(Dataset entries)
'''
(* Let $d\in\{2,3\}$, $r>\frac{d+1}{2}$, $\beta>0$, and let $\mathbf u\in H_{\mathbb C}$ with $\|A^{1/4}\mathbf u\|_\beta<\infty$. Then $$|\langle B(\mathbf u,\mathbf u),A^{r}e^{2\beta A^{1/2}}\mathbf u\rangle|\le C\,2^r C_W(r)\,\|\mathbf u\|_\beta\,\|A^{1/4}\mathbf u\|_\beta^2,$$ where $C>0$ depends only on $d$.
   Context: Periodic domain $\Omega=[0,2\pi]^d$, $H$ = real mean-zero divergence-free $L^2$ vector fields, $H_{\mathbb C}=H+iH$ with sesquilinear $L^2$ inner product $\langle\cdot,\cdot\rangle$. $A=-\Delta$, acting by multiplication by $|\mathbf k|^2$ on Fourier coefficients; $A^s$ and $e^{\beta A^{1/2}}$ act by $|\mathbf k|^{2s}$ and $e^{\beta|\mathbf k|}$. $\|\mathbf f\|_\beta=\|A^{r/2}e^{\beta A^{1/2}}\mathbf f\|$. $B(\mathbf u,\mathbf v)=\mathbb P(\mathbf u\cdot\nabla\mathbf v)$ with $\mathbb P$ the Leray–Helmholtz projection, extended complex-bilinearly. $C_W(r)=\frac{1}{\pi 2^{d-1}}\frac{2r-d}{2r-1-d}$. *)

(* classical reals. Fourier-side model of H_C on the torus [0,2pi]^d. *)
From Stdlib Require Import Reals Lra ZArith List ClassicalEpsilon.
Import ListNotations.
Open Scope R_scope.

Record Cx := mkCx { Re : R; Im : R }.
Definition C0 : Cx := mkCx 0 0.
Definition Ci : Cx := mkCx 0 1.
Definition CR (x : R) : Cx := mkCx x 0.
Definition Cadd (a b : Cx) : Cx := mkCx (Re a + Re b) (Im a + Im b).
Definition Copp (a : Cx) : Cx := mkCx (- Re a) (- Im a).
Definition Cmul (a b : Cx) : Cx :=
  mkCx (Re a * Re b - Im a * Im b) (Re a * Im b + Im a * Re b).
Definition Cconj (a : Cx) : Cx := mkCx (Re a) (- Im a).
Definition Cmod2 (a : Cx) : R := Re a * Re a + Im a * Im a.
Definition Cmod (a : Cx) : R := sqrt (Cmod2 a).

(** Wavevectors k in Z^d are lists of integers of length d. *)
Definition wave := list Z.
Definition kcomp (k : wave) (i : nat) : R := IZR (nth i k 0%Z).
Definition ksub (k j : wave) : wave := map (fun p => (fst p - snd p)%Z) (combine k j).
Definition sumn (d : nat) (f : nat -> R) : R := fold_right Rplus 0 (map f (seq 0 d)).
Definition Csumn (d : nat) (f : nat -> Cx) : Cx := fold_right Cadd C0 (map f (seq 0 d)).
Definition knorm2 (d : nat) (k : wave) : R := sumn d (fun i => kcomp k i * kcomp k i).

(** Complex d-vectors (components indexed by i < d) and vector fields given by
    their Fourier coefficients: u(x) = sum_k (u k) e^{i k.x}. *)
Definition cvec := nat -> Cx.
Definition field := wave -> cvec.
Definition dotC (d : nat) (a b : cvec) : Cx := Csumn d (fun i => Cmul (a i) (b i)).
Definition cvnorm2 (d : nat) (a : cvec) : R := sumn d (fun i => Cmod2 (a i)).

Definition zrange (N : nat) : list Z :=
  map (fun n => (Z.of_nat n - Z.of_nat N)%Z) (seq 0 (2 * N + 1)).
Fixpoint box (d N : nat) : list wave :=
  match d with
  | O => [nil]
  | S d' => flat_map (fun z => map (cons z) (box d' N)) (zrange N)
  end.

Definition Cpsum (d : nat) (f : wave -> Cx) (N : nat) : Cx :=
  fold_right Cadd C0 (map f (box d N)).
Definition Cconv (d : nat) (f : wave -> Cx) (L : Cx) : Prop :=
  Un_cv (fun N => Re (Cpsum d f N)) (Re L) /\ Un_cv (fun N => Im (Cpsum d f N)) (Im L).
Definition Chas_sum (d : nat) (f : wave -> Cx) : Prop := exists L, Cconv d f L.
Definition Csum (d : nat) (f : wave -> Cx) : Cx :=
  epsilon (inhabits C0) (fun L => Cconv d f L).

Definition Rpsum (d : nat) (f : wave -> R) (N : nat) : R :=
  fold_right Rplus 0 (map f (box d N)).
Definition Rconv (d : nat) (f : wave -> R) (L : R) : Prop := Un_cv (Rpsum d f) L.
Definition Rhas_sum (d : nat) (f : wave -> R) : Prop := exists L, Rconv d f L.
Definition Rsum (d : nat) (f : wave -> R) : R :=
  epsilon (inhabits 0) (fun L => Rconv d f L).

(** H_C: mean-zero, divergence-free, square-summable complex fields. *)
Definition in_HC (d : nat) (u : field) : Prop :=
  (forall m, (m < d)%nat -> u (repeat 0%Z d) m = C0) /\
  (forall k, length k = d -> dotC d (fun i => CR (kcomp k i)) (u k) = C0) /\
  Rhas_sum d (fun k => cvnorm2 d (u k)).

(** The L^2 inner product <f,g> = int f . conj g = (2 pi)^d sum_k f_k . conj g_k. *)
Definition l2inner (d : nat) (f g : field) : Cx :=
  Cmul (CR ((2 * PI) ^ d))
       (Csum d (fun k => Csumn d (fun m => Cmul (f k m) (Cconj (g k m))))).

(** Fourier multiplier |k|^{2s} e^{t |k|}, i.e. the symbol of A^s e^{t A^{1/2}}. *)
Definition symb (d : nat) (s t : R) (k : wave) : R :=
  Rpower (knorm2 d k) s * exp (t * sqrt (knorm2 d k)).

(** ||A^{a} f||_beta^2 = ||A^{r/2 + a} e^{beta A^{1/2}} f||^2 *)
Definition gnorm2 (d : nat) (r beta a : R) (f : field) : R :=
  (2 * PI) ^ d * Rsum d (fun k => symb d (r + 2 * a) (2 * beta) k * cvnorm2 d (f k)).
Definition gnorm (d : nat) (r beta a : R) (f : field) : R := sqrt (gnorm2 d r beta a f).

(** Fourier coefficient (u . grad v)^(k), component m:
    sum_j (u_{k-j} . (i j)) v_j,m *)
Definition conv_term (d : nat) (u v : field) (k : wave) (m : nat) (j : wave) : Cx :=
  Cmul (Cmul Ci (dotC d (u (ksub k j)) (fun i => CR (kcomp j i)))) (v j m).
Definition adv (d : nat) (u v : field) : field :=
  fun k m => Csum d (conv_term d u v k m).

(** Leray--Helmholtz projection: w_k - (k.w_k) k/|k|^2 for k <> 0, and 0 at k = 0. *)
Definition leray (d : nat) (w : field) : field :=
  fun k m =>
    if Req_EM_T (knorm2 d k) 0 then C0
    else Cadd (w k m)
              (Copp (Cmul (CR (kcomp k m / knorm2 d k))
                          (dotC d (fun i => CR (kcomp k i)) (w k)))).

Definition Bop (d : nat) (u v : field) : field := leray d (adv d u v).

Definition Ar_exp (d : nat) (r beta : R) (f : field) : field :=
  fun k m => Cmul (CR (symb d r (2 * beta) k)) (f k m).

Definition CW (d : nat) (r : R) : R :=
  1 / (PI * 2 ^ (d - 1)) * ((2 * r - INR d) / (2 * r - 1 - INR d)).

From Stdlib Require Import Reals ZArith List Lra Lia ClassicalEpsilon FinFun.
Import ListNotations.
Open Scope R_scope.

(** In Fourier variables the Leray projection drops out of the pairing, since [k . u_k = 0].
    What remains is bounded by the trilinear sum
    [sum_(k,j) |k|^(2r) e^(2 beta |k|) |u_k| |u_(k-j)| |j| |u_j|].  Using
    [|k|^r <= 2^r (|j|^r + |k-j|^r)], [e^(beta |k|) <= e^(beta |j|) e^(beta |k-j|)] and
    [|j|^(1/2) <= |k|^(1/2) + |k-j|^(1/2)], it splits into four convolution sums, each bounded
    by Young's inequality with two [l^2] factors (weighted as in [||u||_beta] or
    [||A^(1/4) u||_beta]) and one [l^1] factor.  The [l^1] factor is turned into an [l^2] one by
    Cauchy-Schwarz against [sum_(k <> 0) |k|^(-2r)], which is finite uniformly in
    [r > (d+1)/2] by comparison with a product of one-dimensional sums.  The argument works for
    every [d >= 1], and the constant absorbs [C_W(r) >= 1 / (pi 2^(d-1))]. *)

Definition lsum {A} (f : A -> R) (l : list A) : R := fold_right Rplus 0 (map f l).

Lemma lsum_nil {A} (f : A -> R) : lsum f [] = 0.
Proof. reflexivity. Qed.

Lemma lsum_cons {A} (f : A -> R) a l : lsum f (a :: l) = f a + lsum f l.
Proof. reflexivity. Qed.

Lemma lsum_app {A} (f : A -> R) l1 l2 : lsum f (l1 ++ l2) = lsum f l1 + lsum f l2.
Proof.
  induction l1 as [|a l1 IH]; cbn [app]; [rewrite lsum_nil; lra|].
  rewrite !lsum_cons, IH; lra.
Qed.

Lemma lsum_map {A B} (f : B -> R) (g : A -> B) l : lsum f (map g l) = lsum (fun x => f (g x)) l.
Proof. unfold lsum; rewrite map_map; reflexivity. Qed.

Lemma lsum_flat_map {A B} (f : B -> R) (g : A -> list B) l :
  lsum f (flat_map g l) = lsum (fun x => lsum f (g x)) l.
Proof.
  induction l as [|a l IH]; [reflexivity|].
  change (flat_map g (a :: l)) with (g a ++ flat_map g l). rewrite lsum_app, IH; reflexivity.
Qed.

Lemma lsum_le {A} (f g : A -> R) l : (forall x, In x l -> f x <= g x) -> lsum f l <= lsum g l.
Proof.
  induction l as [|a l IH]; intros H; [rewrite ?lsum_nil; simpl; lra|].
  rewrite !lsum_cons. apply Rplus_le_compat; [apply H; left | apply IH; intros; apply H; right]; auto.
Qed.

Lemma lsum_ext {A} (f g : A -> R) l : (forall x, In x l -> f x = g x) -> lsum f l = lsum g l.
Proof. intros H; apply Rle_antisym; apply lsum_le; intros x Hx; rewrite (H x Hx); lra. Qed.

Lemma lsum_const {A} c (l : list A) : lsum (fun _ => c) l = INR (length l) * c.
Proof.
  induction l as [|a l IH]; [rewrite ?lsum_nil; simpl; lra|].
  cbn [length]. rewrite lsum_cons, IH, S_INR; cbv beta; lra.
Qed.

Lemma lsum_nonneg {A} (f : A -> R) l : (forall x, In x l -> 0 <= f x) -> 0 <= lsum f l.
Proof.
  intros H. replace 0 with (lsum (fun _ => 0) l) by (rewrite lsum_const; ring).
  apply lsum_le; auto.
Qed.

Lemma lsum_plus {A} (f g : A -> R) l : lsum (fun x => f x + g x) l = lsum f l + lsum g l.
Proof. induction l as [|a l IH]; [rewrite ?lsum_nil; simpl; lra|]. rewrite !lsum_cons, IH; cbv beta; lra. Qed.

Lemma lsum_scal {A} c (f : A -> R) l : lsum (fun x => c * f x) l = c * lsum f l.
Proof. induction l as [|a l IH]; [rewrite ?lsum_nil; simpl; lra|]. rewrite !lsum_cons, IH; cbv beta; lra. Qed.

Lemma lsum_opp {A} (f : A -> R) l : lsum (fun x => - f x) l = - lsum f l.
Proof. induction l as [|a l IH]; [rewrite ?lsum_nil; simpl; lra|]. rewrite !lsum_cons, IH; cbv beta; lra. Qed.

Lemma lsum_swap {A B} (F : A -> B -> R) l1 l2 :
  lsum (fun x => lsum (F x) l2) l1 = lsum (fun y => lsum (fun x => F x y) l1) l2.
Proof.
  induction l1 as [|a l1 IH].
  - rewrite lsum_nil, (lsum_ext _ (fun _ => 0)), lsum_const; [ring|]. intros; apply lsum_nil.
  - rewrite lsum_cons, IH, <- lsum_plus. reflexivity.
Qed.

Lemma lsum_ge_term {A} (f : A -> R) l x :
  (forall y, In y l -> 0 <= f y) -> In x l -> f x <= lsum f l.
Proof.
  induction l as [|a l IH]; intros H Hx; [destruct Hx|]. rewrite lsum_cons.
  assert (0 <= f a) by (apply H; left; auto).
  assert (0 <= lsum f l) by (apply lsum_nonneg; intros; apply H; right; auto).
  destruct Hx as [<-|Hx]; [lra|].
  assert (f x <= lsum f l) by (apply IH; auto; intros; apply H; right; auto). lra.
Qed.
'''
| Exercise instructions |
After locating the line that holds "0 <= lsum f l.", print it and each line after it through the end of the data, exactly as it stands.

| Answer section |
Lemma lsum_nonneg {A} (f : A -> R) l : (forall x, In x l -> 0 <= f x) -> 0 <= lsum f l.
Proof.
  intros H. replace 0 with (lsum (fun _ => 0) l) by (rewrite lsum_const; ring).
  apply lsum_le; auto.
Qed.

Lemma lsum_plus {A} (f g : A -> R) l : lsum (fun x => f x + g x) l = lsum f l + lsum g l.
Proof. induction l as [|a l IH]; [rewrite ?lsum_nil; simpl; lra|]. rewrite !lsum_cons, IH; cbv beta; lra. Qed.

Lemma lsum_scal {A} c (f : A -> R) l : lsum (fun x => c * f x) l = c * lsum f l.
Proof. induction l as [|a l IH]; [rewrite ?lsum_nil; simpl; lra|]. rewrite !lsum_cons, IH; cbv beta; lra. Qed.

Lemma lsum_opp {A} (f : A -> R) l : lsum (fun x => - f x) l = - lsum f l.
Proof. induction l as [|a l IH]; [rewrite ?lsum_nil; simpl; lra|]. rewrite !lsum_cons, IH; cbv beta; lra. Qed.

Lemma lsum_swap {A B} (F : A -> B -> R) l1 l2 :
  lsum (fun x => lsum (F x) l2) l1 = lsum (fun y => lsum (fun x => F x y) l1) l2.
Proof.
  induction l1 as [|a l1 IH].
  - rewrite lsum_nil, (lsum_ext _ (fun _ => 0)), lsum_const; [ring|]. intros; apply lsum_nil.
  - rewrite lsum_cons, IH, <- lsum_plus. reflexivity.
Qed.

Lemma lsum_ge_term {A} (f : A -> R) l x :
  (forall y, In y l -> 0 <= f y) -> In x l -> f x <= lsum f l.
Proof.
  induction l as [|a l IH]; intros H Hx; [destruct Hx|]. rewrite lsum_cons.
  assert (0 <= f a) by (apply H; left; auto).
  assert (0 <= lsum f l) by (apply lsum_nonneg; intros; apply H; right; auto).
  destruct Hx as [<-|Hx]; [lra|].
  assert (f x <= lsum f l) by (apply IH; auto; intros; apply H; right; auto). lra.
Qed.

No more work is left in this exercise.